# [THE TASK]
Copy word for word, please, the lines of the entries below running from the one containing "mu_k = sum_(x" to the one containing "exact: leq_ltn_trans (leq_subr", both ends included.

# [Dataset entries]
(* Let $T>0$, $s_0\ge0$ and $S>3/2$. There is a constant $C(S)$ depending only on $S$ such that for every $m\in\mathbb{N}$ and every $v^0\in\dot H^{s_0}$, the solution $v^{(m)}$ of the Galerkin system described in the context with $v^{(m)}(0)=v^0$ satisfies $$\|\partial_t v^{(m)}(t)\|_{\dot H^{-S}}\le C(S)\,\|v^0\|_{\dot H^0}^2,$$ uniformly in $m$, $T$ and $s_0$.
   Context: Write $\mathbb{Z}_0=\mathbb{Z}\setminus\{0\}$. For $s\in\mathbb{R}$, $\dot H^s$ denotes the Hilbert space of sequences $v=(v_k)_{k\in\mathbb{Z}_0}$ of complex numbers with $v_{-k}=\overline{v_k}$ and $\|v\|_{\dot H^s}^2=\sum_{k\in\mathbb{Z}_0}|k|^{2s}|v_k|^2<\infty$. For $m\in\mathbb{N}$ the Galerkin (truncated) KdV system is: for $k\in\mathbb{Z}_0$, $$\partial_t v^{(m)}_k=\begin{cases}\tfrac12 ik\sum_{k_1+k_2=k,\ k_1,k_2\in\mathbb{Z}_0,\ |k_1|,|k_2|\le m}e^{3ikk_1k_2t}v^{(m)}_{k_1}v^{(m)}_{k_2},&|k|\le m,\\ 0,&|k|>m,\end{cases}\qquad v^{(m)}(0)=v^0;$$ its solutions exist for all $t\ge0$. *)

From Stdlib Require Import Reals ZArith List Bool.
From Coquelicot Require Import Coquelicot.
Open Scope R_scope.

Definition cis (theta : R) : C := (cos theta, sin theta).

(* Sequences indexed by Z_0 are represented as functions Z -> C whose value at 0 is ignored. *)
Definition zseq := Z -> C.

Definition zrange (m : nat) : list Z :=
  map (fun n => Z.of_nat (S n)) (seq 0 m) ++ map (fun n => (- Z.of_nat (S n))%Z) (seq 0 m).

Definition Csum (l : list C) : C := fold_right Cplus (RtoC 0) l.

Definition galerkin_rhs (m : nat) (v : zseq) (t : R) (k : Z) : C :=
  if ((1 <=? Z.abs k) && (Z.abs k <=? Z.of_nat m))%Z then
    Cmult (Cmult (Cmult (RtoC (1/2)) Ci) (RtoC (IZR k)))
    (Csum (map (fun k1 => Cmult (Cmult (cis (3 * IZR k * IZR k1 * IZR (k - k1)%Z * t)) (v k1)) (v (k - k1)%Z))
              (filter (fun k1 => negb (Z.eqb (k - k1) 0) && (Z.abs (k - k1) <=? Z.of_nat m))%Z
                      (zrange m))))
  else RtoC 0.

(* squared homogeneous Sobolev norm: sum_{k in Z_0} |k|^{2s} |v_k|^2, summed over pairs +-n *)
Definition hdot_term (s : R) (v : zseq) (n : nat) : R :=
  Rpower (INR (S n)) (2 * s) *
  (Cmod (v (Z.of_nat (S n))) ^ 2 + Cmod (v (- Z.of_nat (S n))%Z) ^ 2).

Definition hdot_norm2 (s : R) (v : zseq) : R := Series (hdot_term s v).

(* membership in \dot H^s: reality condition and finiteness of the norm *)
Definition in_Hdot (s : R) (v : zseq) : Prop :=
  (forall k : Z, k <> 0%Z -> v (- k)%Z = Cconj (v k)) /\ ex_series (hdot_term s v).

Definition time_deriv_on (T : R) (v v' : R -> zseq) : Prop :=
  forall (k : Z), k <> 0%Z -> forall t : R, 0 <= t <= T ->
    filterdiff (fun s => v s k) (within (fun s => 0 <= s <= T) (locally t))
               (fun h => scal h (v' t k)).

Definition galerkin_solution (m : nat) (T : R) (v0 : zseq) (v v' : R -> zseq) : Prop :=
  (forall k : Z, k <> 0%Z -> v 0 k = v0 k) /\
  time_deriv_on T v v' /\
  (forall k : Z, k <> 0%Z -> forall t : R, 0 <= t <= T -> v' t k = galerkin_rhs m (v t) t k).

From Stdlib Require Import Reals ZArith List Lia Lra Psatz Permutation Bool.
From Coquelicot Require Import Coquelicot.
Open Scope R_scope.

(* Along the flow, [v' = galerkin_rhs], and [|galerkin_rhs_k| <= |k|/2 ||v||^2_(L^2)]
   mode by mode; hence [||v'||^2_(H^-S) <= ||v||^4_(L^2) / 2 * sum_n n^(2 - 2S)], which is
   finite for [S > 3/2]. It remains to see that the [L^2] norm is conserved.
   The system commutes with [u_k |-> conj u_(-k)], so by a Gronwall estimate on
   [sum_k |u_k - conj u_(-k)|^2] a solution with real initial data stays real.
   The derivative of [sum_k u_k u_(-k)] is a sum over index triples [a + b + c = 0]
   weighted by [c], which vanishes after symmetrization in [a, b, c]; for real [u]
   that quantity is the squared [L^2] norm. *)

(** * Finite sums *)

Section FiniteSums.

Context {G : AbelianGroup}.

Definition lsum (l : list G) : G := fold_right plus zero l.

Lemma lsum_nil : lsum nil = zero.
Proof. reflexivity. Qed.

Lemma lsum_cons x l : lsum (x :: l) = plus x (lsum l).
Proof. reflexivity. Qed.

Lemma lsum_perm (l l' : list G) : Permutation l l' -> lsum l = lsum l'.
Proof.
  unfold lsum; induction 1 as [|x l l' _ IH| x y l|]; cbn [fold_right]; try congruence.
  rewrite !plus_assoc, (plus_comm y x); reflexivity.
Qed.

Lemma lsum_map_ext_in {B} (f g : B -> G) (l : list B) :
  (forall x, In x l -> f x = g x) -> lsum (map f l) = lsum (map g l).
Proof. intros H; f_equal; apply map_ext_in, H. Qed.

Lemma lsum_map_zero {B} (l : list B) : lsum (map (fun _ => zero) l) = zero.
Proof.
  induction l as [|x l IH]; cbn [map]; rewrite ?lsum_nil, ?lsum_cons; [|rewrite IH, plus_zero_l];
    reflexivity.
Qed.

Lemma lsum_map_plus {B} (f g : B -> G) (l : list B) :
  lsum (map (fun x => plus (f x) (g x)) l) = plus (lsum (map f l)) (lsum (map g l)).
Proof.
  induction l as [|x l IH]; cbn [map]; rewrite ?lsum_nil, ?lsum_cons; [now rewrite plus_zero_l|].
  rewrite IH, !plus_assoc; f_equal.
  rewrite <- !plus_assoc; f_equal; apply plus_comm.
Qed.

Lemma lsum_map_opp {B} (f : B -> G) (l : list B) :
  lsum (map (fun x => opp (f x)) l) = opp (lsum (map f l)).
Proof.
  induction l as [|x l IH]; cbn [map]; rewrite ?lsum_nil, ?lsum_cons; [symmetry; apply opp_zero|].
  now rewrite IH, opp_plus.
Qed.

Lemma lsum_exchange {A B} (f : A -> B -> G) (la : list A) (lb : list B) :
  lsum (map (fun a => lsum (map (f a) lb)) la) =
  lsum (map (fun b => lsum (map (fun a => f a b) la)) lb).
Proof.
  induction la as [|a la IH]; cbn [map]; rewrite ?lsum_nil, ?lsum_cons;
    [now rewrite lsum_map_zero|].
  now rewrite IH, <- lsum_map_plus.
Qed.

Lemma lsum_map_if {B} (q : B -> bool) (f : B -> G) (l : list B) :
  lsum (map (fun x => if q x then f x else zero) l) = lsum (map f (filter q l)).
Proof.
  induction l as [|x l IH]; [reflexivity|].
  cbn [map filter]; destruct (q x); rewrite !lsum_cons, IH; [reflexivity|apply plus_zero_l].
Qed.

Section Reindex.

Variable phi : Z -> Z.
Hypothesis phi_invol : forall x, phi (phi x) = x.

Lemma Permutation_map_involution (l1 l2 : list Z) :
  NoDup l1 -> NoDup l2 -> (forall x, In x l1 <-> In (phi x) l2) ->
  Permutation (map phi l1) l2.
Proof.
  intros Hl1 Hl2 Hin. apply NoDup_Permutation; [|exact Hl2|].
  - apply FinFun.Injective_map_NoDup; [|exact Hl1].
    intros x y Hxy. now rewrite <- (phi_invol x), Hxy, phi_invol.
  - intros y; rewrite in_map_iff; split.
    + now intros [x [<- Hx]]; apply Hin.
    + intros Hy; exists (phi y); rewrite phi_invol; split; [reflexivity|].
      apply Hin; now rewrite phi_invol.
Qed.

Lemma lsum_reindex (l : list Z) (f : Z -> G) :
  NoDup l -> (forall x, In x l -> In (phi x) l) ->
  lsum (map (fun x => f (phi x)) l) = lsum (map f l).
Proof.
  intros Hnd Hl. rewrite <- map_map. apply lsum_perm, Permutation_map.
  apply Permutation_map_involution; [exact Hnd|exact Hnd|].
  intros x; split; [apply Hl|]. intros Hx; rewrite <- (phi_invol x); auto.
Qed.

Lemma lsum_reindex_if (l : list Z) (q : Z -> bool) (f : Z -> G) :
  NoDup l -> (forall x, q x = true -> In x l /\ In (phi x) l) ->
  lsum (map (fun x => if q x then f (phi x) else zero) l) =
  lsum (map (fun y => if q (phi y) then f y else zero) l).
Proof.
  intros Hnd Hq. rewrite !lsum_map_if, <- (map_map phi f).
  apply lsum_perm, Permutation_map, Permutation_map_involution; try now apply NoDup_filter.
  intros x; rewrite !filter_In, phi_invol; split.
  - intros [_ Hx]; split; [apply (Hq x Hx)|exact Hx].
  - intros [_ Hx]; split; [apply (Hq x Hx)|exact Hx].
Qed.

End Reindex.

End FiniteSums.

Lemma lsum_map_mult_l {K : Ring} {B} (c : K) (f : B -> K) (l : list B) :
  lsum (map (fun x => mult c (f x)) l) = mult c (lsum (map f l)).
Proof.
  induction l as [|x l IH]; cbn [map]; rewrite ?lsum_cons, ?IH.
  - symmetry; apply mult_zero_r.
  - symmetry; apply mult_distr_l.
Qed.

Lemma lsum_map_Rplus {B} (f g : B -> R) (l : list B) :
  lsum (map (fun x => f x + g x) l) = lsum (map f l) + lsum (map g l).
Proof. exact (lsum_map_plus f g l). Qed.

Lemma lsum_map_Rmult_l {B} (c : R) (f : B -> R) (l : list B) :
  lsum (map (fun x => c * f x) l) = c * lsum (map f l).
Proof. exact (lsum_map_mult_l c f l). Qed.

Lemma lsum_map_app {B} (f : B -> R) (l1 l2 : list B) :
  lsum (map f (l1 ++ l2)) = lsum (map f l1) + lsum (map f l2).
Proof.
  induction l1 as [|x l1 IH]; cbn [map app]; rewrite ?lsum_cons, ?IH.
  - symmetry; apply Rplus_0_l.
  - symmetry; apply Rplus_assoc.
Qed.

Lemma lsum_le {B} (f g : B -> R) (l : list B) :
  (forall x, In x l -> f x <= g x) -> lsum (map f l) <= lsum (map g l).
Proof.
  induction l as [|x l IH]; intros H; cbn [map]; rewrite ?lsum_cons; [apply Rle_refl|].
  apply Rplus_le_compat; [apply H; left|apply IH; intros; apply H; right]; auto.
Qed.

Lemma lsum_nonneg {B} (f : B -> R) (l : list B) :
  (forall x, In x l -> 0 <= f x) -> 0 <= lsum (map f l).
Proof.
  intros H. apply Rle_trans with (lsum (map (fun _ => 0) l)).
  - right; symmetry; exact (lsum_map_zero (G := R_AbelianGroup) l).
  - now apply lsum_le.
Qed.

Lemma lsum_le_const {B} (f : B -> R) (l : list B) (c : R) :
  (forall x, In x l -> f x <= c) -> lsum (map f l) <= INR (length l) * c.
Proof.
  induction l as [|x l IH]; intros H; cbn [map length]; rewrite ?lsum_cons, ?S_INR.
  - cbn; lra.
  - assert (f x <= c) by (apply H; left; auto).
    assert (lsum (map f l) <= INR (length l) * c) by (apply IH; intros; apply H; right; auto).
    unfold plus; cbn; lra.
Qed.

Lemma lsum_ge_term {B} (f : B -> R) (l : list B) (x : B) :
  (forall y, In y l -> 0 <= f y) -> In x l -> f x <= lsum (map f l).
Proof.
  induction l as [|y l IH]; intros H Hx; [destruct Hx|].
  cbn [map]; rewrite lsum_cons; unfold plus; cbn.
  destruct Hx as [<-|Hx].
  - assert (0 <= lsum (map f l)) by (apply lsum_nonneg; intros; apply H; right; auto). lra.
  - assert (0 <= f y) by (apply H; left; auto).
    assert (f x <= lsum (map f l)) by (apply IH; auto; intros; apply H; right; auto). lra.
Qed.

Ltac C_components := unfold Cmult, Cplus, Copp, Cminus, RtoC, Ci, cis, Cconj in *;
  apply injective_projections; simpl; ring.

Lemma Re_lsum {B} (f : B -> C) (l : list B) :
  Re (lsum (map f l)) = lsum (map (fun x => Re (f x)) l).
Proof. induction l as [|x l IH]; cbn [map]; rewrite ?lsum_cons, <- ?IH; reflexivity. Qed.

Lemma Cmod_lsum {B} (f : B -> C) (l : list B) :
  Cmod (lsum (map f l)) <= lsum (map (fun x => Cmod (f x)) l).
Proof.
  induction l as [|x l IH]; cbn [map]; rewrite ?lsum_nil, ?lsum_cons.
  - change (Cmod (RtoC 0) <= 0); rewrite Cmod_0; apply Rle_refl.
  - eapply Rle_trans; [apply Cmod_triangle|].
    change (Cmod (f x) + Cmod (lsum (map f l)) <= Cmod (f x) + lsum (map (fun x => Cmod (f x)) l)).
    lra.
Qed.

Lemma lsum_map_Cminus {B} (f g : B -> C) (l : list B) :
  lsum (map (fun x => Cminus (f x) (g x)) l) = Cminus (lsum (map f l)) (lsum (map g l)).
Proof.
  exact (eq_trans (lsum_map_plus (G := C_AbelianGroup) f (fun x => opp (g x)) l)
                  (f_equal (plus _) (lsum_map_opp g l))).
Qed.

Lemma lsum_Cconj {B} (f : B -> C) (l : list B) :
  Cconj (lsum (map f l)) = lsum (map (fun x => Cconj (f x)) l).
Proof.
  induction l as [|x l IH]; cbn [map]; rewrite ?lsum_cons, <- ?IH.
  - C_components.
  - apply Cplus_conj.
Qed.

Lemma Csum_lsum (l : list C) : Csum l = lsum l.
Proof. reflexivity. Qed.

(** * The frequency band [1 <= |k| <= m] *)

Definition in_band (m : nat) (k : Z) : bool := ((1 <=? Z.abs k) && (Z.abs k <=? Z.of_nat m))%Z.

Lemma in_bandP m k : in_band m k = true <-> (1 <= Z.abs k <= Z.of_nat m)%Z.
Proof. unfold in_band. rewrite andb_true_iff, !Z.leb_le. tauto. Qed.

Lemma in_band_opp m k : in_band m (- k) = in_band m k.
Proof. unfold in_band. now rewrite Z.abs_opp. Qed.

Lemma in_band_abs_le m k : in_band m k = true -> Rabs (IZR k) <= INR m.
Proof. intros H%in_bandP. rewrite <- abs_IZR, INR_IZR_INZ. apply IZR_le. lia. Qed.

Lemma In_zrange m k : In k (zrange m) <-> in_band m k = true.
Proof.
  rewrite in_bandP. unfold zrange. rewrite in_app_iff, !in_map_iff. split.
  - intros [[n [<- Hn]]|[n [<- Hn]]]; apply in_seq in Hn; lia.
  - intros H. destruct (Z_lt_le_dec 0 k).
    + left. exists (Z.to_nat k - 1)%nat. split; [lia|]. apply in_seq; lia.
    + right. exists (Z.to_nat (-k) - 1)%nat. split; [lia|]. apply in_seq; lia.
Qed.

--

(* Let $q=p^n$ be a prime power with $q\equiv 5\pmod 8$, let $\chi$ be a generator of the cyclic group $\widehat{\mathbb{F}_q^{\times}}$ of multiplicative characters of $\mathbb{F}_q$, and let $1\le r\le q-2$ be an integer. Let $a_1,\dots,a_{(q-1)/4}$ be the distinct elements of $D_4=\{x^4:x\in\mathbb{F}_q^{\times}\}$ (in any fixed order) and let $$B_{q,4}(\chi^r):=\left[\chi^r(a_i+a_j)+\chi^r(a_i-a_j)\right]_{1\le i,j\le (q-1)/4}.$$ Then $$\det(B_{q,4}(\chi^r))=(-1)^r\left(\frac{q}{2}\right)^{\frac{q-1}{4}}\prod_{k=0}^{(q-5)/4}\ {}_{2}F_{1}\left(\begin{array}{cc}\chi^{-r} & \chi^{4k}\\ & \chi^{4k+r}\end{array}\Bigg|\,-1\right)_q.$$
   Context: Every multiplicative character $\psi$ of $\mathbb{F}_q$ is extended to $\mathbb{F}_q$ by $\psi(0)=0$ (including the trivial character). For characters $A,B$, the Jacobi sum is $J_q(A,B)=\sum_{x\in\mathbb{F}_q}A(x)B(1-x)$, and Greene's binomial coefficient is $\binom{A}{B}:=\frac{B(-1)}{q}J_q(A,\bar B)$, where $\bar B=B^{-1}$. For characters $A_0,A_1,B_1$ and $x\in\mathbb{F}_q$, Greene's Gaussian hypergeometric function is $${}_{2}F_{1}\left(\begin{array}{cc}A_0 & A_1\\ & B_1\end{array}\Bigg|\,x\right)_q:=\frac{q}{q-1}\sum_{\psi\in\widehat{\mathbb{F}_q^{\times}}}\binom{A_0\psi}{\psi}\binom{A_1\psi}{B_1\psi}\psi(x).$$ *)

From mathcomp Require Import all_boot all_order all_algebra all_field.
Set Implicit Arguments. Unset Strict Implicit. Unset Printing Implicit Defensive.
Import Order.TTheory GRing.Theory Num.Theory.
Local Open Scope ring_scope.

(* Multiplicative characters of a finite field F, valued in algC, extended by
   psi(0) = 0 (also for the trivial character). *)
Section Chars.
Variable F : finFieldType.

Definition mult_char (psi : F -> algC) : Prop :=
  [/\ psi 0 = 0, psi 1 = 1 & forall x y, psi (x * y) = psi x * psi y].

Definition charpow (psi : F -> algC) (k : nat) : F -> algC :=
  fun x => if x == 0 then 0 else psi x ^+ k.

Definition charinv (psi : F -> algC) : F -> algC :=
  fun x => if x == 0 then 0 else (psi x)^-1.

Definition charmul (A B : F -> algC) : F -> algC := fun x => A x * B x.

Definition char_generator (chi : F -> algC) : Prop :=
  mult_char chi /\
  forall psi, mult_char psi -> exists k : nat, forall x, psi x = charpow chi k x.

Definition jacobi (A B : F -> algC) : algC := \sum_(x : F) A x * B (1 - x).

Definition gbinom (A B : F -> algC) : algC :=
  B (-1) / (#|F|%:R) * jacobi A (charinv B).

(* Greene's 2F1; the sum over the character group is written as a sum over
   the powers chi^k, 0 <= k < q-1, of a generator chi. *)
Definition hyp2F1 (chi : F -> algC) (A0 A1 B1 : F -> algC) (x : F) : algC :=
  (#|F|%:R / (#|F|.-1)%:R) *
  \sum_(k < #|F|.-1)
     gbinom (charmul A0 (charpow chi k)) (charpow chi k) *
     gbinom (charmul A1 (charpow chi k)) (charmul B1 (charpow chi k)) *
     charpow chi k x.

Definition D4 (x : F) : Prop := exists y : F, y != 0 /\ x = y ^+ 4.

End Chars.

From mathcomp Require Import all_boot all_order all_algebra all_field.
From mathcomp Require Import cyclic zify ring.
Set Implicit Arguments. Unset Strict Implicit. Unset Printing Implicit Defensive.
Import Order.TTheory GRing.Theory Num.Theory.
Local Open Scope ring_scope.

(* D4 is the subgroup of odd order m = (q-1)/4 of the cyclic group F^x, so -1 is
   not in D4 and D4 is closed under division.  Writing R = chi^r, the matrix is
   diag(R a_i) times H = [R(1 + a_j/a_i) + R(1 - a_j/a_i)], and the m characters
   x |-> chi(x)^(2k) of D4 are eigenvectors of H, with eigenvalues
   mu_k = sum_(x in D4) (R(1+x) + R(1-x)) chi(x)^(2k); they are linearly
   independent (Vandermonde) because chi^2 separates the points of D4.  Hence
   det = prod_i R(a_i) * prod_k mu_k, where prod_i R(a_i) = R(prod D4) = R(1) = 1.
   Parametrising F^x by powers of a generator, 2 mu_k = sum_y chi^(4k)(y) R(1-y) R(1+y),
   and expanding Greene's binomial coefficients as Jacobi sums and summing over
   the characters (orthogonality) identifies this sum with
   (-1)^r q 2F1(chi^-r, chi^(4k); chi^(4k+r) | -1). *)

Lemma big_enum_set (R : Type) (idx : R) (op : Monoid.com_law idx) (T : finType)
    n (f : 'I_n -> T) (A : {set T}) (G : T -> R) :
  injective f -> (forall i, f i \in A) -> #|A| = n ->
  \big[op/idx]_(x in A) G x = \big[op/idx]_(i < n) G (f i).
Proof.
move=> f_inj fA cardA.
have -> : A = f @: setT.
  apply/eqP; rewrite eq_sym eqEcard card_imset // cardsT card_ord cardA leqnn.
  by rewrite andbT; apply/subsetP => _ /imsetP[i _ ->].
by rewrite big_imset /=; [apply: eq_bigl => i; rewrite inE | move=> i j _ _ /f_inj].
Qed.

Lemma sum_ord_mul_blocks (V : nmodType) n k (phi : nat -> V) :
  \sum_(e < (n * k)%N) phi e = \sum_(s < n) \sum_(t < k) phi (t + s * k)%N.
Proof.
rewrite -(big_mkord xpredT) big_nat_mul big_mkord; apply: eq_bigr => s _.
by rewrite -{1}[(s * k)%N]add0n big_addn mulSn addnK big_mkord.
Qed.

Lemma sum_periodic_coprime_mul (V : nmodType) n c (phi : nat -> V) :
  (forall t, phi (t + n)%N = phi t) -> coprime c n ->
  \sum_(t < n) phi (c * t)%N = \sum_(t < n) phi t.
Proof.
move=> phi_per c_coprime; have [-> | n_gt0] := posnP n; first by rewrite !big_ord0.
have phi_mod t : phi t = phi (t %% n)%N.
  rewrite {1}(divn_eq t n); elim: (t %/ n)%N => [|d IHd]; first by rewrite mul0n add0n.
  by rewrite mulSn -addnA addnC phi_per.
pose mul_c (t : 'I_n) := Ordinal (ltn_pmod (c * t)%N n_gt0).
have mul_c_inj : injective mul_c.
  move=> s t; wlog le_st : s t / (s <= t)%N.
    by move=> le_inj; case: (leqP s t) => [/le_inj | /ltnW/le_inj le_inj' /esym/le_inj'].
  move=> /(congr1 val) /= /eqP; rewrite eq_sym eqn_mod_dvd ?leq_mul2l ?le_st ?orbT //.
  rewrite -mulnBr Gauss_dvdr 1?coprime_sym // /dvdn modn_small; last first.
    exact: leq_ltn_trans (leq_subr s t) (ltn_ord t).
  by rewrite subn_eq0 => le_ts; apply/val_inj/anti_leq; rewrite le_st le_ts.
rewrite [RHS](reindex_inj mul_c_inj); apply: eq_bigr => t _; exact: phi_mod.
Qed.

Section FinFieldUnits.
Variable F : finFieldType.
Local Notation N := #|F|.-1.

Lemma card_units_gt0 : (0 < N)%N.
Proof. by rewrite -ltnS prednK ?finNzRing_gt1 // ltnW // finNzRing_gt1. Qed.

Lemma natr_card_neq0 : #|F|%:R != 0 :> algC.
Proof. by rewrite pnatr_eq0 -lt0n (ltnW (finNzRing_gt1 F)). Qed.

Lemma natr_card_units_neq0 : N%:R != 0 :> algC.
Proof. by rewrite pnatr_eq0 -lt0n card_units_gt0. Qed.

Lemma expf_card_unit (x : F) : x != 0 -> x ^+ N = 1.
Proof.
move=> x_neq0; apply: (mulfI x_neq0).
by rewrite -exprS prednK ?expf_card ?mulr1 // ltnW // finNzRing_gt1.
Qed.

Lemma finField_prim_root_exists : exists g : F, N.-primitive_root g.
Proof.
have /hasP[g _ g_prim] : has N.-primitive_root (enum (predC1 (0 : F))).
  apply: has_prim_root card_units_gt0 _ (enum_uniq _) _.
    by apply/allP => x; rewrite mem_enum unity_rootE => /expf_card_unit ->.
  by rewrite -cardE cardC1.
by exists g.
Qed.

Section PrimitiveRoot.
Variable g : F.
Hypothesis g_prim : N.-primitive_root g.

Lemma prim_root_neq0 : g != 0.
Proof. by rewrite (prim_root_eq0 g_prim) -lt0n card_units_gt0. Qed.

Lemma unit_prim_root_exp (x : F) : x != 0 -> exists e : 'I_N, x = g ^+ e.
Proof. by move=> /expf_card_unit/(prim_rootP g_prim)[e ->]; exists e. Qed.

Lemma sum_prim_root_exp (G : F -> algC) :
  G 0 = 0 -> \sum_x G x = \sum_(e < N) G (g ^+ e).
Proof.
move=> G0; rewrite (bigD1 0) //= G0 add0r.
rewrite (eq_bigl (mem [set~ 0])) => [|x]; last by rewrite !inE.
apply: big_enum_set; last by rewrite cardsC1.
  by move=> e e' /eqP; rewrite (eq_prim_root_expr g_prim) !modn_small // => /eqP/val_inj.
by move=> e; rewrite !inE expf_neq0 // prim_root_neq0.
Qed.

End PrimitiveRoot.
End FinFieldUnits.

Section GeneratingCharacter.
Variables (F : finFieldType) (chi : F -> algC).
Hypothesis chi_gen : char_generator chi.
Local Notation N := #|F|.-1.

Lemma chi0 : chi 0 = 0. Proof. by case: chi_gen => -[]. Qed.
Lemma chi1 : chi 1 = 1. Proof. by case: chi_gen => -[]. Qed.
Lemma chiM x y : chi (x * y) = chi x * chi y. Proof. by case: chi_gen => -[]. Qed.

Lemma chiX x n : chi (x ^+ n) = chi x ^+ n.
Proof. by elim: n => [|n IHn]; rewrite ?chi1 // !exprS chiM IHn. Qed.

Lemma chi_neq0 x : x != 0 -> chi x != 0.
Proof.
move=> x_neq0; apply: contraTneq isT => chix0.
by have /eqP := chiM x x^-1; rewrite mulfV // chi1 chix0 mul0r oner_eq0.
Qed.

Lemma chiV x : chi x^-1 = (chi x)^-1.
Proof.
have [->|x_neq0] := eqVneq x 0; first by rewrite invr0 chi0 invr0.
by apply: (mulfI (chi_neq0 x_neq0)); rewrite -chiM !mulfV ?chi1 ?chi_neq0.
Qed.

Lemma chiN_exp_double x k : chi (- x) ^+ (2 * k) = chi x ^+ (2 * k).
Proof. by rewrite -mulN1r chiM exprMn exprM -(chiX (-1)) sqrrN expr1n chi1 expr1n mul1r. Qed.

# [OUTPUT OF THE TASK]
   mu_k = sum_(x in D4) (R(1+x) + R(1-x)) chi(x)^(2k); they are linearly
   independent (Vandermonde) because chi^2 separates the points of D4.  Hence
   det = prod_i R(a_i) * prod_k mu_k, where prod_i R(a_i) = R(prod D4) = R(1) = 1.
   Parametrising F^x by powers of a generator, 2 mu_k = sum_y chi^(4k)(y) R(1-y) R(1+y),
   and expanding Greene's binomial coefficients as Jacobi sums and summing over
   the characters (orthogonality) identifies this sum with
   (-1)^r q 2F1(chi^-r, chi^(4k); chi^(4k+r) | -1). *)

Lemma big_enum_set (R : Type) (idx : R) (op : Monoid.com_law idx) (T : finType)
    n (f : 'I_n -> T) (A : {set T}) (G : T -> R) :
  injective f -> (forall i, f i \in A) -> #|A| = n ->
  \big[op/idx]_(x in A) G x = \big[op/idx]_(i < n) G (f i).
Proof.
move=> f_inj fA cardA.
have -> : A = f @: setT.
  apply/eqP; rewrite eq_sym eqEcard card_imset // cardsT card_ord cardA leqnn.
  by rewrite andbT; apply/subsetP => _ /imsetP[i _ ->].
by rewrite big_imset /=; [apply: eq_bigl => i; rewrite inE | move=> i j _ _ /f_inj].
Qed.

Lemma sum_ord_mul_blocks (V : nmodType) n k (phi : nat -> V) :
  \sum_(e < (n * k)%N) phi e = \sum_(s < n) \sum_(t < k) phi (t + s * k)%N.
Proof.
rewrite -(big_mkord xpredT) big_nat_mul big_mkord; apply: eq_bigr => s _.
by rewrite -{1}[(s * k)%N]add0n big_addn mulSn addnK big_mkord.
Qed.

Lemma sum_periodic_coprime_mul (V : nmodType) n c (phi : nat -> V) :
  (forall t, phi (t + n)%N = phi t) -> coprime c n ->
  \sum_(t < n) phi (c * t)%N = \sum_(t < n) phi t.
Proof.
move=> phi_per c_coprime; have [-> | n_gt0] := posnP n; first by rewrite !big_ord0.
have phi_mod t : phi t = phi (t %% n)%N.
  rewrite {1}(divn_eq t n); elim: (t %/ n)%N => [|d IHd]; first by rewrite mul0n add0n.
  by rewrite mulSn -addnA addnC phi_per.
pose mul_c (t : 'I_n) := Ordinal (ltn_pmod (c * t)%N n_gt0).
have mul_c_inj : injective mul_c.
  move=> s t; wlog le_st : s t / (s <= t)%N.
    by move=> le_inj; case: (leqP s t) => [/le_inj | /ltnW/le_inj le_inj' /esym/le_inj'].
  move=> /(congr1 val) /= /eqP; rewrite eq_sym eqn_mod_dvd ?leq_mul2l ?le_st ?orbT //.
  rewrite -mulnBr Gauss_dvdr 1?coprime_sym // /dvdn modn_small; last first.
    exact: leq_ltn_trans (leq_subr s t) (ltn_ord t).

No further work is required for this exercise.